Although he never met his uncle, he is pleased that his memory and legacy live on.
And although it came to a tragic and devastating end, for Jean Jacques Lumumba’s death is also something that perpetuates his name and the battles he fought.
African leaders should honor the memory of people like him and others who paid with their lives to build “a developed, radiant and prosperous Africa, ready to assert itself in the concert of nations,” the younger Lumumba said.
Lumumba’s ‘eternal’ legacy
More than six decades after Lumumba was assassinated, the DRC is in the midst of multiple crises – from armed insurgencies to resource extraction and poverty.
Although it is a country of immense natural wealth, it has not found its way to the majority of Congolese – something many in the country attribute to continued exploitation by internal and external forces.
Daniel Makasi, a resident of Goma, believes that the colonialism that Lumumba was so determined to fight is still strong – although it manifests itself in different ways today.
“Today there are several forms of colonization that continue through multinational companies that exploit resources in DR Congo and that do not benefit ordinary citizens,” he told Al Jazeera.
He added that Africans should channel the spirit of Lumumba to stop such neo-colonialism as much as possible, so that they can enjoy the fullness of their natural wealth.
Lumumba managed to transform the country in a short time, making Congolese “more proud”, and that makes him “eternal”, Makasi said, urging people to follow his example.
Others also agree that future generations owe Lumumba an “immeasurable” debt for what he started.

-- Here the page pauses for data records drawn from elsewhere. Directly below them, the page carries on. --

(* 2 y t is the sum of the increments along the orbit of t, weighted by the
   partial products of the -s; Cauchy-Schwarz bounds it. *)
Lemma neg_cycle_sqr_le (L : nat) (t : T) :
  iter L f t = t -> \prod_(k < L) - s (iter k f t) = -1 ->
  4 * y t ^+ 2 <= L%:R ^+ 2 * energy.
Proof.
move=> per neg.
pose v k := iter k f t.
pose inc j := y (v j) + s (v j) * y (v j.+1).
have two_y : 2 * y t = \sum_(j < L) (\prod_(k < j) - s (v k)) * inc j.
  by rewrite (telescope_signed (fun j => y (v j)) (fun j => s (v j))) neg /v per; ring.
have inc_le j : inc j ^+ 2 <= energy.
  exact: (ler_sum_term (F := fun i => (y i + s i * y (f i)) ^+ 2) (v j) (fun i => sqr_ge0 _)).
have := sqr_sum_le_card (fun j : 'I_L => (\prod_(k < j) - s (v k)) * inc j).
rewrite -two_y card_ord.
have sign_sq (j : nat) : (\prod_(k < j) - s (v k)) ^+ 2 = 1.
  by rewrite -prodrXl big1 // => k _; rewrite sqrrN s_sign.
under eq_bigr => j _ do rewrite exprMn sign_sq mul1r.
have : \sum_(j < L) inc j ^+ 2 <= L%:R * energy.
  rewrite mulr_natl -[in X in _ <= X](card_ord L) -sumr_const.
  by apply: ler_sum => j _.
have : 0 <= L%:R :> R by [].
nra.
Qed.

Lemma neg_cycles_sum_sqr_le (L : nat) :
  (L <= #|T|)%N -> (forall t, iter L f t = t) ->
  (forall t, \prod_(k < L) - s (iter k f t) = -1) ->
  4 * \sum_i y i ^+ 2 <= #|T|%:R ^+ 3 * energy.
Proof.
move=> le_LT per neg.
have energy_ge0 : 0 <= energy by apply: sumr_ge0 => i _; apply: sqr_ge0.
have le_L2 : L%:R ^+ 2 * energy <= #|T|%:R ^+ 2 * energy.
  by apply: ler_wpM2r => //; rewrite lerXn2r ?nnegrE ?ler_nat.
rewrite mulr_sumr (_ : _ ^+ 3 * energy = \sum_(t : T) #|T|%:R ^+ 2 * energy); last first.
  by rewrite sumr_const -mulr_natr; ring.
by apply: ler_sum => t _; apply: le_trans (neg_cycle_sqr_le (per t) (neg t)) le_L2.
Qed.

End SignedCycles.

Section ShiftOrbits.
Variable N : nat.
Local Notation d := N.+1.
Implicit Types (m t u : 'I_d).

Definition wraps m u : bool := (d <= u + m)%N.

Lemma val_addZp m u :
  val (u + m) = (if wraps m u then u + m - d else u + m)%N.
Proof.
have lt_ud := ltn_ord u; have lt_md := ltn_ord m.
rewrite /wraps /=; case: ifP => wr; last by rewrite modn_small //; lia.
by rewrite -{1}(subnK wr) modnDr modn_small //; lia.
Qed.

Lemma orbit_val t m k :
  (val (iter k (+%R^~ m) t)
     + d * \sum_(j < k) wraps m (iter j (+%R^~ m) t) = t + k * m)%N.
Proof.
elim: k => [|k IH]; first by rewrite big_ord0 muln0 mul0n addn0.
rewrite (_ : iter k.+1 _ t = iter k (+%R^~ m) t + m) // val_addZp big_ord_recr /=.
have := ltn_ord (iter k (+%R^~ m) t); have := ltn_ord m.
move: IH; rewrite /wraps; set v := iter k _ t.
by case: (leqP d (v + m)) => /=; lia.
Qed.

Definition orbit_len m : nat := d %/ gcdn m d.

Lemma orbit_len_le m : (orbit_len m <= d)%N.
Proof. exact: leq_div. Qed.

Lemma iter_orbit_len t m : iter (orbit_len m) (+%R^~ m) t = t.
Proof.
apply: val_inj; set v := iter _ _ t.
have := orbit_val t m (orbit_len m).
rewrite -/v [(orbit_len m * _)%N]mulnC muln_divCA_gcd !(mulnC d) => /(congr1 (modn^~ d)).
move=> E; rewrite -modnDmr modnMl addn0 -[X in _ = X]modnDmr modnMl addn0 in E.
by rewrite (modn_small (ltn_ord v)) (modn_small (ltn_ord t)) in E.
Qed.

Lemma orbit_wraps t m :
  (\sum_(j < orbit_len m) wraps m (iter j (+%R^~ m) t) = m %/ gcdn m d)%N.
Proof.
have := orbit_val t m (orbit_len m).
rewrite iter_orbit_len [(orbit_len m * _)%N]mulnC muln_divCA_gcd => /addnI /eqP.
by rewrite eqn_mul2l => /eqP.
Qed.

Lemma odd_orbit_wraps m : ~~ odd (orbit_len m) -> odd (m %/ gcdn m d).
Proof.
move=> even_len; apply: contraT => even_wraps.
have gt0_g : (0 < gcdn m d)%N by rewrite gcdn_gt0 orbT.
have dvd2 k : (2 %| k %/ gcdn m d)%N -> (gcdn m d %| k)%N -> (2 * gcdn m d %| k)%N.
  by move=> dvd2k dvdgk; rewrite -(divnK dvdgk) dvdn_pmul2r.
have : (2 * gcdn m d %| gcdn m d)%N.
  by rewrite dvdn_gcd dvd2 ?dvdn2 ?dvdn_gcdl // dvd2 ?dvdn2 ?dvdn_gcdr.
by move/(dvdn_leq gt0_g); lia.
Qed.

Definition base_sign m u : bool := wraps m u && ~~ odd (orbit_len m).

(* For 2 m > d the signs of -m are reflected, so that q_(-m) = -q_m. *)
Definition shift_sign m u : bool :=
  if (d < 2 * m)%N then ~~ base_sign (- m) (u + m) else base_sign m u.

End ShiftOrbits.

Section Zigzag.
Variable N : nat.
Local Notation d := N.+1.

Definition zigzag (r : nat) : 'I_d := if odd r then inord r.+1./2 else - inord r./2.

Lemma zigzag0 : zigzag 0 = 0.
Proof. by rewrite /zigzag /=; apply: val_inj; rewrite /= inordK // subn0 modnn. Qed.

Lemma zigzagS r : odd r -> zigzag r.+1 = - zigzag r.
Proof. by rewrite /zigzag /= => ->. Qed.

Lemma val_zigzag r : (r < d)%N ->
  val (zigzag r) = (if odd r then (r./2).+1 else if r == 0 then 0 else d - r./2)%N.
Proof.
move=> lt_rd; have := odd_double_half r; rewrite /zigzag -muln2.
case: (boolP (odd r)) => [odd_r | even_r] /= r_eq.
  by rewrite uphalf_half odd_r inordK; lia.
rewrite inordK; last lia.
case: eqP => [r0 | /eqP r_neq0]; first by rewrite r0 subn0 modnn.
by rewrite modn_small; lia.
Qed.

Lemma zigzag_inj : injective (fun r : 'I_d => zigzag r).
Proof.
move=> r1 r2 /(congr1 val); rewrite !val_zigzag // => eq_val; apply: val_inj => /=.
have := odd_double_half r1; have := odd_double_half r2; rewrite -!muln2.
have := ltn_ord r1; have := ltn_ord r2.
by move: eq_val; case: (odd r1); case: (odd r2);
  case: (nat_of_ord r1 =P 0%N); case: (nat_of_ord r2 =P 0%N) => /=; lia.
Qed.

Definition zigzag_perm : {perm 'I_d} := perm zigzag_inj.

Lemma zigzag_permE (r : 'I_d) : zigzag_perm r = zigzag r.
Proof. exact: permE. Qed.

End Zigzag.

Section ShiftForms.
Variables (R : realFieldType) (N : nat).
Local Notation d := N.+1.
Implicit Types (m t : 'I_d) (y : 'I_d -> R).

Lemma prod_neg_signs (L : nat) (b : nat -> bool) :
  \prod_(k < L) - (-1) ^+ b k = (-1) ^+ (L + \sum_(k < L) b k)%N :> R.
Proof.
elim: L => [|L IH]; first by rewrite !big_ord0.
by rewrite big_ord_recr /= IH big_ord_recr /= !exprD exprS; ring.
Qed.

(* If the orbit has odd length no sign is flipped; otherwise the number of
   wraps around Z/dZ, which is odd, is flipped. *)
Lemma orbit_sign_prod t m :
  \prod_(k < orbit_len m) - (-1) ^+ base_sign m (iter k (+%R^~ m) t) = -1 :> R.
Proof.
rewrite (prod_neg_signs _ (fun k => base_sign m (iter k _ t))) -signr_odd.
suff -> : odd (orbit_len m + \sum_(k < orbit_len m) base_sign m (iter k (+%R^~ m) t))
  by rewrite expr1.
rewrite /base_sign; case: (boolP (odd (orbit_len m))) => [odd_len | even_len].
  by rewrite big1 ?addn0 // => k _; rewrite andbF.
under eq_bigr do rewrite andbT.
by rewrite orbit_wraps oddD (negbTE even_len) odd_orbit_wraps.
Qed.

Definition shift_form m y : R :=
  \sum_i (-1) ^+ shift_sign m i * (y i * y (i + m)).

Lemma shift_form0 y : shift_form 0 y = \sum_i y i ^+ 2.
Proof.
apply: eq_bigr => i _.
by rewrite /shift_sign /base_sign /wraps /= addn0 addr0 leqNgt ltn_ord mul1r expr2.
Qed.

Lemma shift_form_ge m y : (2 * m <= d)%N ->
  (2 * d%:R ^- 3 - 1) * \sum_i y i ^+ 2 <= shift_form m y.
Proof.
move=> le_2m_d; set s := fun u => (-1) ^+ base_sign m u : R.
have -> : shift_form m y = \sum_i s i * (y i * y (i + m)).
  by apply: eq_bigr => i _; rewrite /shift_sign ltnNge le_2m_d.
have := neg_cycles_sum_sqr_le (f := +%R^~ m) (s := s) y (fun i => sqrr_sign _ _)
  (leq_trans (orbit_len_le m) (eq_leq (esym (card_ord d)))) (fun t => iter_orbit_len t m)
  (fun t => orbit_sign_prod t m).
have -> : \sum_i (y i + s i * y (i + m)) ^+ 2
    = 2 * \sum_i y i ^+ 2 + 2 * \sum_i s i * (y i * y (i + m)).
  have shift_sum : \sum_i y (i + m) ^+ 2 = \sum_i y i ^+ 2.
    by rewrite [RHS](reindex_inj (addIr m)).
  transitivity (\sum_i y i ^+ 2 + \sum_i y (i + m) ^+ 2
                + 2 * \sum_i s i * (y i * y (i + m))); last by rewrite shift_sum; ring.
  rewrite mulr_sumr -!big_split /=.
  by apply: eq_bigr => i _; rewrite sqrrD exprMn sqrr_sign; ring.
rewrite card_ord; have c_gt0 : 0 < d%:R ^+ 3 :> R by rewrite exprn_gt0.
set Y := \sum_i _; set Q := \sum_i _ => bound.
have -> : (2 * d%:R ^- 3 - 1) * Y = (2 * Y - d%:R ^+ 3 * Y) / d%:R ^+ 3.
  by field; rewrite nat1r pnatr_eq0.
by rewrite ler_pdivrMr //; lra.
Qed.

Lemma shift_formN m y : (0 < m)%N -> (2 * m < d)%N ->
  shift_form (- m) y = - shift_form m y.
Proof.
move=> m_gt0 lt_2m_d.
have lt_d_2Nm : (d < 2 * val (- m))%N by rewrite /= modn_small; lia.
rewrite /shift_form /shift_sign lt_d_2Nm ltnNge (ltnW lt_2m_d) opprK /=.
rewrite (reindex_inj (addIr m)) /= -sumrN; apply: eq_bigr => j _.
by rewrite addrK signrN mulNr (mulrC (y (j + m))).
Qed.


Lemma zigzag_partial_sum y r : (r < d)%N ->
  \sum_(j < r.+1) shift_form (zigzag N j) y
    = \sum_i y i ^+ 2 + (if odd r then shift_form (zigzag N r) y else 0).
Proof.
elim: r => [_ | r IH lt_r1_d]; first by rewrite big_ord1 zigzag0 shift_form0 addr0.
rewrite big_ord_recr /= IH ?(ltnW lt_r1_d) //.
case: (boolP (odd r)) => [odd_r | even_r] /=; last by rewrite addr0.
have := val_zigzag (ltnW lt_r1_d); rewrite odd_r => val_z.
have := odd_double_half r; rewrite odd_r -muln2 => r_eq.
by rewrite zigzagS // shift_formN ?val_z ?addrK ?addr0 //; lia.
Qed.

Lemma zigzag_form_ge y r : odd r -> (r < d)%N ->
  (2 * d%:R ^- 3 - 1) * \sum_i y i ^+ 2 <= shift_form (zigzag N r) y.
Proof.
move=> odd_r lt_rd; apply: shift_form_ge.
have := odd_double_half r; rewrite (val_zigzag lt_rd) odd_r -muln2; lia.
Qed.

Lemma zigzag_weighted_sum_ge (b : nat -> R) y :
  (forall r, (r < N)%N -> b r.+1 <= b r) -> 0 <= b N ->
  d%:R ^- 3 * b 0%N * \sum_i y i ^+ 2 <= \sum_(r < d) b r * shift_form (zigzag N r) y.
Proof.
move=> b_nonincr b_ge0; rewrite mulrAC.
apply: (abel_lower_bound (e := fun r => shift_form (zigzag N r) y)) => // r le_rN.
rewrite zigzag_partial_sum //.
have Y_ge0 : 0 <= \sum_i y i ^+ 2 by apply: sumr_ge0 => i _; apply: sqr_ge0.
have k_gt0 : 0 < d%:R ^- 3 :> R by rewrite invr_gt0 exprn_gt0.
have k_le1 : d%:R ^- 3 <= 1 :> R.
  by rewrite invf_le1 ?exprn_gt0 // exprn_ege1 // ler1n.
case: (boolP (odd r)) => [odd_r | _]; last by rewrite addr0 ler_piMl.
have := zigzag_form_ge y odd_r le_rN; set k := d%:R ^- 3; set Y := \sum_i _.
have : 0 <= k * Y by rewrite mulr_ge0 // ltW.
nra.
Qed.

End ShiftForms.

Section SortPerm.
Variables (disp : Order.disp_t) (T : orderType disp) (n : nat) (f : 'I_n.+1 -> T).

Definition sort_desc : seq 'I_n.+1 := sort (fun i j => f j <= f i)%O (enum 'I_n.+1).

Lemma size_sort_desc : size sort_desc = n.+1.
Proof. by rewrite size_sort size_enum_ord. Qed.

Lemma sort_perm_inj : injective (fun r : 'I_n.+1 => nth ord0 sort_desc r).
Proof.
move=> r1 r2 /eqP; rewrite nth_uniq ?size_sort_desc ?sort_uniq ?enum_uniq //.
by move/eqP/val_inj.
Qed.

Definition sort_perm : {perm 'I_n.+1} := perm sort_perm_inj.

Lemma sort_perm_nonincr (r1 r2 : 'I_n.+1) :
  (r1 <= r2)%N -> (f (sort_perm r2) <= f (sort_perm r1))%O.
Proof.
move=> le_r12; rewrite !permE.
have ge_trans : transitive (fun i j => f j <= f i)%O.
  by move=> j i k /= le_ji le_kj; apply: le_trans le_kj le_ji.
apply: (sorted_leq_nth ge_trans) => //; rewrite ?inE ?size_sort_desc //.
by apply: sort_sorted => i j; apply: le_total.
Qed.

Lemma sort_perm_max k : (f k <= f (sort_perm ord0))%O.
Proof.
by rewrite -[k](permKV sort_perm) sort_perm_nonincr.
Qed.

End SortPerm.

Section Frame.
Variables (R : realType) (N : nat) (x : 'rV[R]_N.+1).
Local Notation d := N.+1.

“For me, Patrice Emery Lumumba is a symbol of resistance to the imperialist powers,” said Moise Komayombi, another Goma resident, recalling a June 1960 Independence Day speech that Belgians considered “brutal attack” but it inspires many Africans to this day.
“He inspired us to remain nationalists and protect our homeland from all forms of colonization,” Komayombi said, reminding himself that Lumumba’s work is still not finished.